When Blake’s father died  seven years ago, Blake was reeling in grief compounded by confusion over his sexuality.  His solution was to run away to the sea.  Now his ship has returned to port, and waiting on the dock for him is his best friend,  Tom.  Tom is the person who caused Blake to question his sexuality and make him realize that he was gay.  Now  Tom makes it clear that Tom forgives Blake for running away as long as Blake agrees to stay with Tom and his grandmother for Christmas.  And from all indications, Tom has realized other things about Blake as well. Can it be that Blake has finally found a safe harbor for good and get the happy ending he has wanted with Tom?  At Christmas time everything is possible.

At 30 pages, this is a short, sweet story of young love and coming out of the closet.  Hunter has a nice feel for her characters and settings although more of a back story would have been nice.  We just have three people here,  Blake, Tom and his grandmother, a most tolerant and exceptional woman.  it seems that during those seven years of missing Blake, Tom realized that he is gay and that Blake was gay too. This is a gentle tale of young love with appealing characters.  A very nice, quick holiday read.

Mending Noel by Charlie Cochet

Rating: 2.75 stars

Elf Tim works for the Abominable Administrative Department at North Pole City and is majorly unhappy.  His Elf Boss, Noel, is harassing him and making his life miserable.  Other elves have transferred out of the department, but Tim seems stuck.  Stuck in a bad  job,  and with a bad boss out to get him.  Other elves, those hardbitten and mean work as the Frost King’s toy soldiers, those brave and smart end up as Rein Dears, flying the planes to deliver the toys.  But  Tim was’t even considered good enough to cut it as a Ribbon Curler in the Gift Packaging Plant, even after graduating from Claus College.

But when Tim stumbles into a plot by the Rat King  to destroy the Christmas spirit, he will have to work with Noel and Jack Frost with his helper Rudy to safe the day and even find some Christmas spirit of his own.

As you can tell, Charlie Cochet has turned a collection of traditional Christmas legends upside down and inside out, creating a North Pole City where Rein Dears are the glamourous flyboys with slutty sugarplum fairies to attend to their every need instead of reindeer pulling a sleigh. The North Pole is no longer a charming snowcovered gingerbread town but a Christmas City full of bureaucrats, homophobes, and thugs to go with the elves who have positions that range from Kringle’s Construction Firm worker to an elf who delivers coal for the furnaces (and dumps it on top of Tim).  I think this story contains some very clever tweaks on Santa Claus and the North Pole, and it is equally clear that Cochet enjoyed herself writing this story.  I just wish I had had as much fun reading it as she did developing her concept.

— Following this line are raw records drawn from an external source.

Lemma Un_cv_dist_le (y : nat -> R) l n a b :
  Un_cv y l -> (forall j, Rabs (y (n + j)%nat - a) <= b) -> Rabs (l - a) <= b.
Proof.
  intros Hcv Hb. destruct (Rle_dec (Rabs (l - a)) b) as [|Hn]; auto. exfalso.
  destruct (Hcv (Rabs (l - a) - b) ltac:(lra)) as [N HN].
  specialize (HN (n + N)%nat ltac:(lia)). specialize (Hb N). unfold R_dist in HN.
  pose proof (Rabs_triang (y (n + N)%nat - a) (l - y (n + N)%nat)).
  rewrite Rabs_minus_sym in HN.
  replace (y (n + N)%nat - a + (l - y (n + N)%nat)) with (l - a) in * by ring.
  lra.
Qed.

Lemma R_geometric_limit (y : nat -> R) rho :
  (forall n j, Rabs (y (n + j)%nat - y n) <= (/ 2) ^ n * rho) ->
  exists l, forall n, Rabs (l - y n) <= (/ 2) ^ n * rho.
Proof.
  intros Hy.
  assert (Hcauchy : Cauchy_crit y).
  { intros eps Heps.
    assert (Hrho : 0 <= rho).
    { specialize (Hy 0%nat 0%nat). pose proof (Rabs_pos (y (0 + 0)%nat - y 0%nat)).
      simpl in *. lra. }
    destruct (pow_lt_1_zero (/ 2) ltac:(rewrite Rabs_pos_eq; lra) (eps / (rho + 1)))
      as [N HN]; [apply Rdiv_lt_0_compat; lra|].
    assert (Hsmall : forall n j, (n >= N)%nat -> Rabs (y (n + j)%nat - y n) < eps).
    { intros n j Hn. eapply Rle_lt_trans; [apply Hy|].
      specialize (HN n Hn). rewrite Rabs_pos_eq in HN by (apply pow_le; lra).
      apply Rcomplements.Rlt_div_r in HN; [|lra]. pose proof (pow_le (/ 2) n ltac:(lra)). nra. }
    exists N. intros n m Hn Hm. unfold R_dist.
    destruct (Nat.le_ge_cases n m) as [Hnm | Hnm].
    - replace m with (n + (m - n))%nat by lia. rewrite Rabs_minus_sym. apply Hsmall; lia.
    - replace n with (m + (n - m))%nat by lia. apply Hsmall; lia. }
  destruct (Rcomplete.R_complete y Hcauchy) as [l Hl].
  exists l. intros n. apply (Un_cv_dist_le y l n); auto.
Qed.
(* Let $A\in\mathbb{R}^{n\times n}$ be symmetric, $\beta>0$, $f(\mathbf{z})=\frac12\mathbf{z}^TA\mathbf{z}+\frac{\beta}{2}\sum_kz_k^4$ on $\mathbb{S}^{n-1}$. Let $\nu\in(0,1]$, $\mathbf{z}_0\in\mathbb{S}^{n-1}$ and $\mathcal{R}_\nu=\{\mathbf{z}\in\mathbb{S}^{n-1}:\|\mathbf{z}-\mathbf{z}_0\|^2\le\nu\}$. If $H_f(\mathbf{z})[\mathbf{v}]>0$ for all $\mathbf{v}\in\mathcal{T}_{\mathbf{z}}\setminus\{0\}$ and all $\mathbf{z}\in\mathcal{R}_\nu$, then the problem $\min_{\mathbf{z}\in\mathcal{R}_\nu}f(\mathbf{z})$ has at most one local minimizer.
   Context: $\mathbb{S}^{n-1}$ is the unit sphere in $\mathbb{R}^n$; $\mathcal{T}_{\mathbf{z}}=\{\mathbf{v}\in\mathbb{R}^n:\mathbf{v}^T\mathbf{z}=0\}$; $H_f(\mathbf{z})[\mathbf{v}]=\mathbf{v}^T[A+6\beta\,\mathrm{diag}(z_1^2,\dots,z_n^2)-2\lambda I]\mathbf{v}$ with $2\lambda=\mathbf{z}^TA\mathbf{z}+2\beta\|\mathbf{z}\|_4^4$ (the Riemannian Hessian quadratic form). *)

From mathcomp Require Import all_boot all_order all_algebra.
From mathcomp Require Import reals.
Set Implicit Arguments. Unset Strict Implicit. Unset Printing Implicit Defensive.
Import Order.TTheory GRing.Theory Num.Theory.
Local Open Scope ring_scope.

Section Defs.
Variables (R : realType) (n : nat).

Definition sqnorm (z : 'cV[R]_n) : R := \sum_(i < n) z i 0 ^+ 2.
Definition enorm (z : 'cV[R]_n) : R := Num.sqrt (sqnorm z).
Definition norm4_4 (z : 'cV[R]_n) : R := \sum_(i < n) z i 0 ^+ 4.
Definition qform (M : 'M[R]_n) (v : 'cV[R]_n) : R := (v^T *m M *m v) 0 0.

Definition on_sphere (z : 'cV[R]_n) : Prop := enorm z = 1.
Definition tangent (z v : 'cV[R]_n) : Prop := (v^T *m z) 0 0 = 0.

Definition fobj (A : 'M[R]_n) (beta : R) (z : 'cV[R]_n) : R :=
  qform A z / 2 + beta / 2 * norm4_4 z.

Definition two_lambda (A : 'M[R]_n) (beta : R) (z : 'cV[R]_n) : R :=
  qform A z + 2 * beta * norm4_4 z.

Definition hessf (A : 'M[R]_n) (beta : R) (z v : 'cV[R]_n) : R :=
  qform (A + (6 * beta) *: diag_mx (\row_i (z i 0 ^+ 2)) - (two_lambda A beta z)%:M) v.

Definition region (z0 : 'cV[R]_n) (nu : R) (z : 'cV[R]_n) : Prop :=
  on_sphere z /\ enorm (z - z0) ^+ 2 <= nu.

Definition local_minimizer (S : 'cV[R]_n -> Prop) (g : 'cV[R]_n -> R)
  (z : 'cV[R]_n) : Prop :=
  S z /\ exists eps : R, 0 < eps /\
    forall w, S w -> enorm (w - z) < eps -> g z <= g w.

End Defs.

(* Suppose z1 <> z2 are local minimizers. The region is the spherical cap
   <z, z0> >= 1 - nu/2 > 0, so z1 and z2 are not antipodal and the shorter
   great-circle arc g : [0, th] -> S^{n-1} from z1 to z2 stays in it.  Since
   g (c +- r) = cos r g c +- sin r g' c with g' c a unit tangent vector at g c,
     f (g (c + r)) + f (g (c - r)) - 2 f (g c) = sin^2 r (H_f(g c)[g' c] + O(sin^2 r)),
   so h := f o g is strictly midpoint convex near every interior point of [0, th].
   But h is continuous with local minima at both endpoints, hence attains its
   maximum at an interior point, where this is impossible. *)

From mathcomp Require Import all_boot all_order all_algebra.
From mathcomp Require Import all_classical all_reals all_analysis.
From mathcomp Require Import ring lra.
Import Order.TTheory GRing.Theory Num.Theory.
Import numFieldNormedType.Exports.
Local Open Scope ring_scope.
Local Open Scope classical_set_scope.
Set Implicit Arguments. Unset Strict Implicit. Unset Printing Implicit Defensive.

Section QuadraticQuartic.
Variables (R : realType) (n : nat).
Implicit Types (x y z v w : 'cV[R]_n) (M : 'M[R]_n) (a b c s : R).

Definition dot x y : R := (x^T *m y) 0 0.
Definition cross4 x y : R := \sum_(i < n) x i 0 ^+ 2 * y i 0 ^+ 2.

Lemma dotC x y : dot x y = dot y x.
Proof. by rewrite /dot -[x^T *m y]trmxK trmx_mul trmxK mxE. Qed.

Lemma dotDl x y w : dot (x + y) w = dot x w + dot y w.
Proof. by rewrite /dot raddfD mulmxDl mxE. Qed.

Lemma dotBl x y w : dot (x - y) w = dot x w - dot y w.
Proof. by rewrite /dot raddfB mulmxBl !mxE. Qed.

Lemma dotNl x w : dot (- x) w = - dot x w.
Proof. by rewrite /dot raddfN mulNmx mxE. Qed.

Lemma dotZl a x w : dot (a *: x) w = a * dot x w.
Proof. by rewrite /dot linearZ -scalemxAl mxE. Qed.

Lemma dotDr x y w : dot w (x + y) = dot w x + dot w y.
Proof. by rewrite dotC dotDl !(dotC w). Qed.

Lemma dotBr x y w : dot w (x - y) = dot w x - dot w y.
Proof. by rewrite dotC dotBl !(dotC w). Qed.

Lemma dotZr a x w : dot w (a *: x) = a * dot w x.
Proof. by rewrite dotC dotZl dotC. Qed.

Lemma sqnorm_dot x : sqnorm x = dot x x.
Proof. by rewrite /dot mxE; apply: eq_bigr => i _; rewrite mxE expr2. Qed.

Lemma sqnorm_ge0 x : 0 <= sqnorm x.
Proof. by apply: sumr_ge0 => i _; rewrite sqr_ge0. Qed.

Lemma sqnorm_eq0 x : (sqnorm x == 0) = (x == 0).
Proof.
apply/idP/eqP => [/eqP x0 | ->]; last by rewrite /sqnorm big1 // => i _; rewrite mxE expr0n.
apply/matrixP => i j; rewrite ord1 mxE; apply/eqP; rewrite -sqrf_eq0.
by rewrite (psumr_eq0P _ x0) // => k _; rewrite sqr_ge0.
Qed.

Lemma sqnormD x y : sqnorm (x + y) = sqnorm x + 2 * dot x y + sqnorm y.
Proof. by rewrite !sqnorm_dot dotDl !dotDr (dotC y x); ring. Qed.

Lemma sqnormB x y : sqnorm (x - y) = sqnorm x - 2 * dot x y + sqnorm y.
Proof. by rewrite !sqnorm_dot dotBl !dotBr (dotC y x); ring. Qed.

Lemma enorm_sqr x : enorm x ^+ 2 = sqnorm x.
Proof. by rewrite sqr_sqrtr // sqnorm_ge0. Qed.

Lemma enorm_lt x e : 0 < e -> sqnorm x < e ^+ 2 -> enorm x < e.
Proof. by move=> e_gt0 lt_xe; rewrite -(@ltr_pXn2r _ 2) ?enorm_sqr // nnegrE ?sqrtr_ge0 ?ltW. Qed.

Lemma on_sphereE x : on_sphere x <-> sqnorm x = 1.
Proof.
rewrite /on_sphere /enorm; split => [h | ->]; last by rewrite sqrtr1.
by rewrite -[sqnorm x]sqr_sqrtr ?sqnorm_ge0 // h expr1n.
Qed.

Lemma qformE M x : qform M x = \sum_i \sum_j x i 0 * M i j * x j 0.
Proof.
rewrite /qform mxE; under eq_bigr => j _ do rewrite mxE big_distrl /=.
by rewrite exchange_big; apply: eq_bigr => i _; apply: eq_bigr => j _; rewrite mxE.
Qed.

Lemma qformZr a M x : qform M (a *: x) = a ^+ 2 * qform M x.
Proof. by rewrite /qform [(a *: x)^T]linearZ -!scalemxAl -scalemxAr !mxE mulrA expr2. Qed.

Lemma qformDl M N x : qform (M + N) x = qform M x + qform N x.
Proof. by rewrite /qform mulmxDr mulmxDl mxE. Qed.

Lemma qformBl M N x : qform (M - N) x = qform M x - qform N x.
Proof. by rewrite /qform mulmxBr mulmxBl !mxE. Qed.

Lemma qformZl a M x : qform (a *: M) x = a * qform M x.
Proof. by rewrite /qform -scalemxAr -scalemxAl mxE. Qed.

Lemma qform_diag (d : 'rV[R]_n) x : qform (diag_mx d) x = \sum_i d 0 i * x i 0 ^+ 2.
Proof. by rewrite /qform mul_mx_diag mxE; apply: eq_bigr => i _; rewrite !mxE; ring. Qed.

Lemma qform_scalar a x : qform a%:M x = a * sqnorm x.
Proof. by rewrite /qform mul_mx_scalar -scalemxAl mxE sqnorm_dot. Qed.

Lemma qform_parallelogram M x y :
  qform M (x + y) + qform M (x - y) = 2 * (qform M x + qform M y).
Proof.
rewrite !qformE -!big_split mulr_sumr; apply: eq_bigr => i _ /=.
rewrite -!big_split mulr_sumr; apply: eq_bigr => j _ /=; rewrite !mxE; ring.
Qed.

Lemma norm4_4Z a x : norm4_4 (a *: x) = a ^+ 4 * norm4_4 x.
Proof. by rewrite /norm4_4 mulr_sumr; apply: eq_bigr => i _; rewrite mxE exprMn. Qed.

Lemma cross4Z a b x y : cross4 (a *: x) (b *: y) = a ^+ 2 * b ^+ 2 * cross4 x y.
Proof. by rewrite /cross4 mulr_sumr; apply: eq_bigr => i _; rewrite !mxE; ring. Qed.

Lemma norm4_4_parallelogram x y :
  norm4_4 (x + y) + norm4_4 (x - y) = 2 * (norm4_4 x + 6 * cross4 x y + norm4_4 y).
Proof.
rewrite /norm4_4 /cross4 mulr_sumr -!big_split /= mulr_sumr.
by apply: eq_bigr => i _; rewrite !mxE; ring.
Qed.

Lemma hessfE A beta z v :
  hessf A beta z v = qform A v + 6 * beta * cross4 z v - two_lambda A beta z * sqnorm v.
Proof.
rewrite /hessf qformBl qformDl qformZl qform_diag qform_scalar /cross4.
by congr (_ + _ * _ - _); apply: eq_bigr => i _; rewrite mxE.
Qed.

Lemma fobj_second_difference A beta z v c s :
  c ^+ 2 + s ^+ 2 = 1 -> sqnorm v = 1 ->
  fobj A beta (c *: z + s *: v) + fobj A beta (c *: z - s *: v) - 2 * fobj A beta z =
  s ^+ 2 * (hessf A beta z v + beta * s ^+ 2 * (norm4_4 z - 6 * cross4 z v + norm4_4 v)).
Proof.
move=> cs v1; have c2 : c ^+ 2 = 1 - s ^+ 2 by rewrite -cs addrK.
have c4 : c ^+ 4 = (1 - s ^+ 2) ^+ 2 by rewrite -c2 -exprM.
rewrite /fobj addrACA -mulrDl -mulrDr qform_parallelogram norm4_4_parallelogram.
by rewrite !qformZr !norm4_4Z cross4Z c2 c4 hessfE v1 /two_lambda; field.
Qed.

End QuadraticQuartic.

Section RealFunctions.
Variable R : realType.

Lemma sinD_le (x y : R) : 0 <= x <= pi -> 0 <= y <= pi -> sin (x + y) <= sin x + sin y.
Proof.
move=> /sin_ge0_pi sx_ge0 /sin_ge0_pi sy_ge0; rewrite sinD.
have := cos_le1 x; have := cos_le1 y; nra.
Qed.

I didn’t.  Perhaps I love my traditional Christmas too much to enjoy such hard hearted concepts as Christmas sugar plum  fairies as whores, or a place where the work is such drudgery that the workers are as bogged down in Bah Humbug and  despair as anyone found in the blighted areas of any big city.   Yes, there is a happy ending but it is the stuff I had to wade through to get there that almost made me put this down before I finished.  Really?  There has to be homophobia even at the North Pole?  There are certainly enough sluts, and thugs and jerks of all types everywhere else in the world.  For me, they don’t need to be at the North Pole at Christmas, and I don’t want them in my holiday reading.  Sorry, but I would skip this one.